WORK REQUEST - Copy out every line of the records where the string "calgR" occurs.
[RECORDS SUPPLIED]
(* Let $\mathbb M$ be a reflexive $\mathcal R$-module. Then $\mathbb M$ is dually separated if and only if there exist a set $I$ and a monomorphism of $\mathcal R$-modules $\mathbb M^*\hookrightarrow\prod_{I}\mathcal R$.
   Context: $R$ is a commutative ring; $\mathcal R$ is the functor $S\mapsto S$ on commutative $R$-algebras. An $\mathcal R$-module is a covariant functor $\mathbb M$ from commutative $R$-algebras to abelian groups with each $\mathbb M(S)$ an $S$-module, functorially; morphisms are natural transformations that are $S$-linear on each $S$. $\mathbb M^*(S)=\operatorname{Hom}_{\mathcal S}(\mathbb M_{|S},\mathcal S)$ where $\mathbb M_{|S}$ is restriction to $S$-algebras. $\mathbb M$ is reflexive if the natural morphism $\mathbb M\to\mathbb M^{**}$, $m\mapsto(w\mapsto w(m))$, is an isomorphism. $\mathbb M$ is dually separated if for every commutative $R$-algebra $S$ the map $\mathbb M^*(S)\to\operatorname{Hom}_R(\mathbb M(R),S)$, $w\mapsto w_R$, is injective. *)

From HB Require Import structures.
From mathcomp Require Import all_boot all_algebra.
Set Implicit Arguments. Unset Strict Implicit. Unset Printing Implicit Defensive.
Import GRing.Theory.
Local Open Scope ring_scope.

Record calg (R : comPzRingType) := CAlg {
  calg_sort :> comPzRingType;
  calg_str : {rmorphism R -> calg_sort} }.

Definition calgR (R : comPzRingType) : calg R := @CAlg R R idfun.

Record ahom (R : comPzRingType) (S T : calg R) := AHom {
  ahom_fun :> {rmorphism S -> T};
  ahom_comm : forall r, ahom_fun (calg_str S r) = calg_str T r }.

Definition ahom_id (R : comPzRingType) (S : calg R) : ahom S S :=
  @AHom R S S idfun (fun r => erefl).

Lemma ahom_comp_comm (R : comPzRingType) (S T U : calg R) (f : ahom S T) (g : ahom T U) r :
  ((g : {rmorphism T -> U}) \o (f : {rmorphism S -> T})) (calg_str S r) = calg_str U r.
Proof. by rewrite /= !ahom_comm. Qed.

Definition ahom_comp (R : comPzRingType) (S T U : calg R) (f : ahom S T) (g : ahom T U)
  : ahom S U := @AHom R S U ((g : {rmorphism T -> U}) \o (f : {rmorphism S -> T}))
                 (ahom_comp_comm f g).

Definition ahom_str (R : comPzRingType) (S : calg R) : ahom (calgR R) S :=
  @AHom R (calgR R) S (calg_str S) (fun r => erefl).

(* Raw data of a functor M from commutative R-algebras to (abelian groups with an
   M(S)-scalar action); the axioms are in [is_RMod]. *)
Record PMod (R : comPzRingType) := PModMk {
  pm_ob : calg R -> Type;
  pm_zero : forall S, pm_ob S;
  pm_add : forall S, pm_ob S -> pm_ob S -> pm_ob S;
  pm_opp : forall S, pm_ob S -> pm_ob S;
  pm_scale : forall S : calg R, S -> pm_ob S -> pm_ob S;
  pm_map : forall S T : calg R, ahom S T -> pm_ob S -> pm_ob T }.

Definition is_RMod (R : comPzRingType) (M : PMod R) : Prop :=
  (forall S : calg R,
     (forall x y z : pm_ob M S, pm_add (pm_add x y) z = pm_add x (pm_add y z)) /\
     (forall x y : pm_ob M S, pm_add x y = pm_add y x) /\
     (forall x : pm_ob M S, pm_add (pm_zero M S) x = x) /\
     (forall x : pm_ob M S, pm_add (pm_opp x) x = pm_zero M S) /\
     (forall (a : S) (x y : pm_ob M S),
        pm_scale a (pm_add x y) = pm_add (pm_scale a x) (pm_scale a y)) /\
     (forall (a b : S) (x : pm_ob M S),
        pm_scale (a + b) x = pm_add (pm_scale a x) (pm_scale b x)) /\
     (forall (a b : S) (x : pm_ob M S), pm_scale a (pm_scale b x) = pm_scale (a * b) x) /\
     (forall x : pm_ob M S, pm_scale 1 x = x)) /\
  (forall (S T : calg R) (f : ahom S T) (x y : pm_ob M S),
     pm_map f (pm_add x y) = pm_add (pm_map f x) (pm_map f y)) /\
  (forall (S T : calg R) (f : ahom S T) (a : S) (x : pm_ob M S),
     pm_map f (pm_scale a x) = pm_scale (f a) (pm_map f x)) /\
  (forall (S : calg R) (f : ahom S S), (forall s, f s = s) ->
     forall x : pm_ob M S, pm_map f x = x) /\
  (forall (S T U : calg R) (f : ahom S T) (g : ahom T U) (h : ahom S U),
     (forall s, h s = g (f s)) ->
     forall x : pm_ob M S, pm_map h x = pm_map g (pm_map f x)).

Record RMod (R : comPzRingType) := RModMk { rm_pmod :> PMod R; rm_ax : is_RMod rm_pmod }.

(* Elements of M^*(S) = Hom_S(M_{|S}, S): families of maps M(T) -> T indexed by
   S-algebras (T, phi : S -> T), T-linear, natural in S-algebra morphisms. *)
Record dual_elt (R : comPzRingType) (M : PMod R) (S : calg R) := DualElt {
  dw :> forall T : calg R, ahom S T -> pm_ob M T -> T;
  dw_add : forall T (phi : ahom S T) (x y : pm_ob M T),
      dw phi (pm_add x y) = dw phi x + dw phi y;
  dw_scale : forall T (phi : ahom S T) (t : T) (x : pm_ob M T),
      dw phi (pm_scale t x) = t * dw phi x;
  dw_nat : forall T T' (phi : ahom S T) (phi' : ahom S T') (g : ahom T T'),
      (forall s, g (phi s) = phi' s) ->
      forall x : pm_ob M T, dw phi' (pm_map g x) = g (dw phi x) }.

Section Dual.
Variables (R : comPzRingType) (M : PMod R).

Definition dual_zero (S : calg R) : dual_elt M S.
Proof.
refine (@DualElt R M S (fun T _ _ => 0) _ _ _).
- by move=> *; rewrite addr0.
- by move=> *; rewrite mulr0.
- by move=> *; rewrite rmorph0.
Defined.

Definition dual_add (S : calg R) (w1 w2 : dual_elt M S) : dual_elt M S.
Proof.
refine (@DualElt R M S (fun T phi x => w1 T phi x + w2 T phi x) _ _ _).
- by move=> T phi x y; rewrite !dw_add addrACA.
- by move=> T phi t x; rewrite !dw_scale mulrDr.
- by move=> T T' phi phi' g H x; rewrite (dw_nat w1 H) (dw_nat w2 H) rmorphD.
Defined.

Definition dual_opp (S : calg R) (w : dual_elt M S) : dual_elt M S.
Proof.
refine (@DualElt R M S (fun T phi x => - w T phi x) _ _ _).
- by move=> T phi x y; rewrite !dw_add opprD.
- by move=> T phi t x; rewrite !dw_scale mulrN.
- by move=> T T' phi phi' g H x; rewrite (dw_nat w H) rmorphN.
Defined.

Definition dual_scale (S : calg R) (s : S) (w : dual_elt M S) : dual_elt M S.
Proof.
refine (@DualElt R M S (fun T phi x => phi s * w T phi x) _ _ _).
- by move=> T phi x y; rewrite !dw_add mulrDr.
- by move=> T phi t x; rewrite !dw_scale mulrCA.
- by move=> T T' phi phi' g H x; rewrite (dw_nat w H) rmorphM H.
Defined.

Definition dual_map (S S' : calg R) (f : ahom S S') (w : dual_elt M S) : dual_elt M S'.
Proof.
refine (@DualElt R M S' (fun T psi x => w T (ahom_comp f psi) x) _ _ _).
- by move=> T psi x y; rewrite dw_add.
- by move=> T psi t x; rewrite dw_scale.
- move=> T T' psi psi' g H x; apply: dw_nat => s /=; exact: H.
Defined.

Definition dual : PMod R :=
  @PModMk R (dual_elt M) dual_zero dual_add dual_opp dual_scale dual_map.

End Dual.

(* The canonical morphism M -> M^**, m |-> (w |-> w(m)), at S:
   ev(m)_{(T,phi)}(w) = w_{(T,id)}(M(phi) m). *)
Definition ev (R : comPzRingType) (M : RMod R) (S : calg R) (m : pm_ob M S)
  : pm_ob (dual (dual M)) S.
Proof.
refine (@DualElt R (dual M) S
          (fun T phi w => w T (ahom_id T) (pm_map phi m)) _ _ _).
- by [].
- by [].
- move=> T T' phi phi' g H w /=.
  have [_ [_ [_ [_ Hc]]]] := rm_ax M.
  rewrite (Hc _ _ _ phi g phi' (fun s => esym (H s))).
  by apply: dw_nat.
Defined.

Definition is_reflexive (R : comPzRingType) (M : RMod R) : Prop :=
  forall S : calg R, bijective (@ev R M S).

Definition w_R (R : comPzRingType) (M : PMod R) (S : calg R) (w : dual_elt M S)
  : pm_ob M (calgR R) -> S :=
  fun m => w S (ahom_id S) (pm_map (ahom_str S) m).

Definition dually_separated (R : comPzRingType) (M : PMod R) : Prop :=
  forall (S : calg R) (w w' : dual_elt M S), (forall m, w_R w m = w_R w' m) -> w = w'.

Definition prodR (R : comPzRingType) (I : Type) : PMod R :=
  @PModMk R (fun S => I -> S) (fun S _ => 0) (fun S v v' i => v i + v' i)
    (fun S v i => - v i) (fun S s v i => s * v i) (fun S T f v i => f (v i)).

Definition is_hom (R : comPzRingType) (M N : PMod R)
  (phi : forall S, pm_ob M S -> pm_ob N S) : Prop :=
  (forall S (x y : pm_ob M S), phi S (pm_add x y) = pm_add (phi S x) (phi S y)) /\
  (forall (S : calg R) (s : S) (x : pm_ob M S), phi S (pm_scale s x) = pm_scale s (phi S x)) /\
  (forall S T (f : ahom S T) (x : pm_ob M S), phi T (pm_map f x) = pm_map f (phi S x)).

(** An element of [M^*(S)] is seen by [w |-> w_R] as an [S]-valued function on
    [M(R)], and this is a morphism [M^* -> prod_{M(R)} R]; it is a monomorphism
    exactly when [M] is dually separated.  Conversely, each coordinate of a
    morphism [M^* -> prod_I R] is an element of [M^**(R)], which by reflexivity
    is evaluation at some [m_i] in [M(R)]; so that morphism factors through
    [w |-> w_R], and its injectivity forces dual separation. *)

From HB Require Import structures.
From mathcomp Require Import all_boot all_algebra.
From Stdlib Require Import FunctionalExtensionality.

Set Implicit Arguments.

Section DualSeparation.
Variables (R : comPzRingType) (M : RMod R).

Lemma w_R_map (S T : calg R) (f : ahom S T) (w : dual_elt M S) m :
  w_R (dual_map f w) m = f (w_R w m).
Proof.
have [_ [_ [_ [_ map_comp]]]] := rm_ax M.
rewrite /w_R /= (map_comp _ _ _ (ahom_str S) f (ahom_str T)); last first.
  by move=> r /=; rewrite ahom_comm.
by apply: dw_nat.
Qed.

Definition w_R_prod {S : calg R} (w : pm_ob (dual M) S)
  : pm_ob (prodR R (pm_ob M (calgR R))) S := w_R w.

Lemma is_hom_w_R_prod : is_hom (@w_R_prod).
Proof.
split; [|split] => *; apply: functional_extensionality => m //.
exact: w_R_map.
Qed.

Lemma dually_separated_injective_w_R_prod :
  dually_separated M <-> forall S, injective (@w_R_prod S).
Proof.
split=> [sep S w w' eq_ww' | inj S w w' eq_ww'].
  by apply: sep => m; rewrite -/(w_R_prod w m) eq_ww'.
exact/inj/functional_extensionality.
Qed.

Section Coordinates.
Variables (I : Type) (phi : forall S : calg R, pm_ob (dual M) S -> pm_ob (prodR R I) S).
Hypothesis phi_hom : is_hom phi.

Definition hom_coord (i : I) : pm_ob (dual (dual M)) (calgR R).
Proof.
refine (@DualElt R (dual M) (calgR R) (fun T _ w => phi w i) _ _ _);
  case: phi_hom => phiD [phiZ phi_nat].
- by move=> T psi x y /=; rewrite phiD.
- by move=> T psi t x /=; rewrite phiZ.
- by move=> T T' psi psi' g _ x /=; rewrite phi_nat.
Defined.

(* [ev m], read at the structure map [R -> S], is [w |-> w_R w m]. *)
Lemma hom_coordE i m :
  ev m = hom_coord i -> forall (S : calg R) (w : pm_ob (dual M) S), phi w i = w_R w m.
Proof.
move=> evm S w; change (phi w i = dw (ev m) (ahom_str S) w).
by rewrite evm.
Qed.

End Coordinates.

End DualSeparation.

Theorem proposition4p1 (R : comPzRingType) (M : RMod R) :
  is_reflexive M ->
  (dually_separated M <->
   exists (I : Type) (phi : forall S : calg R, pm_ob (dual M) S -> pm_ob (prodR R I) S),
     is_hom phi /\ (forall S : calg R, injective (phi S))).
Proof.
move=> refl; split.
  move=> /dually_separated_injective_w_R_prod inj.
  by exists (pm_ob M (calgR R)), (@w_R_prod R M); split; [exact: is_hom_w_R_prod|].
case=> I [phi [phi_hom phi_inj]] S w w' eq_ww'.
have [ev_inv _ ev_invK] := refl (calgR R).
apply: phi_inj; apply: functional_extensionality => i.
by rewrite !(hom_coordE (phi_hom := phi_hom) (ev_invK _)) eq_ww'.
Qed.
[/RECORDS SUPPLIED]
RESPONSE TO THE EXERCISE -
Definition calgR (R : comPzRingType) : calg R := @CAlg R R idfun.
Definition ahom_str (R : comPzRingType) (S : calg R) : ahom (calgR R) S :=
  @AHom R (calgR R) S (calg_str S) (fun r => erefl).
  : pm_ob M (calgR R) -> S :=
  : pm_ob (prodR R (pm_ob M (calgR R))) S := w_R w.
Definition hom_coord (i : I) : pm_ob (dual (dual M)) (calgR R).
refine (@DualElt R (dual M) (calgR R) (fun T _ w => phi w i) _ _ _);
  by exists (pm_ob M (calgR R)), (@w_R_prod R M); split; [exact: is_hom_w_R_prod|].
have [ev_inv _ ev_invK] := refl (calgR R).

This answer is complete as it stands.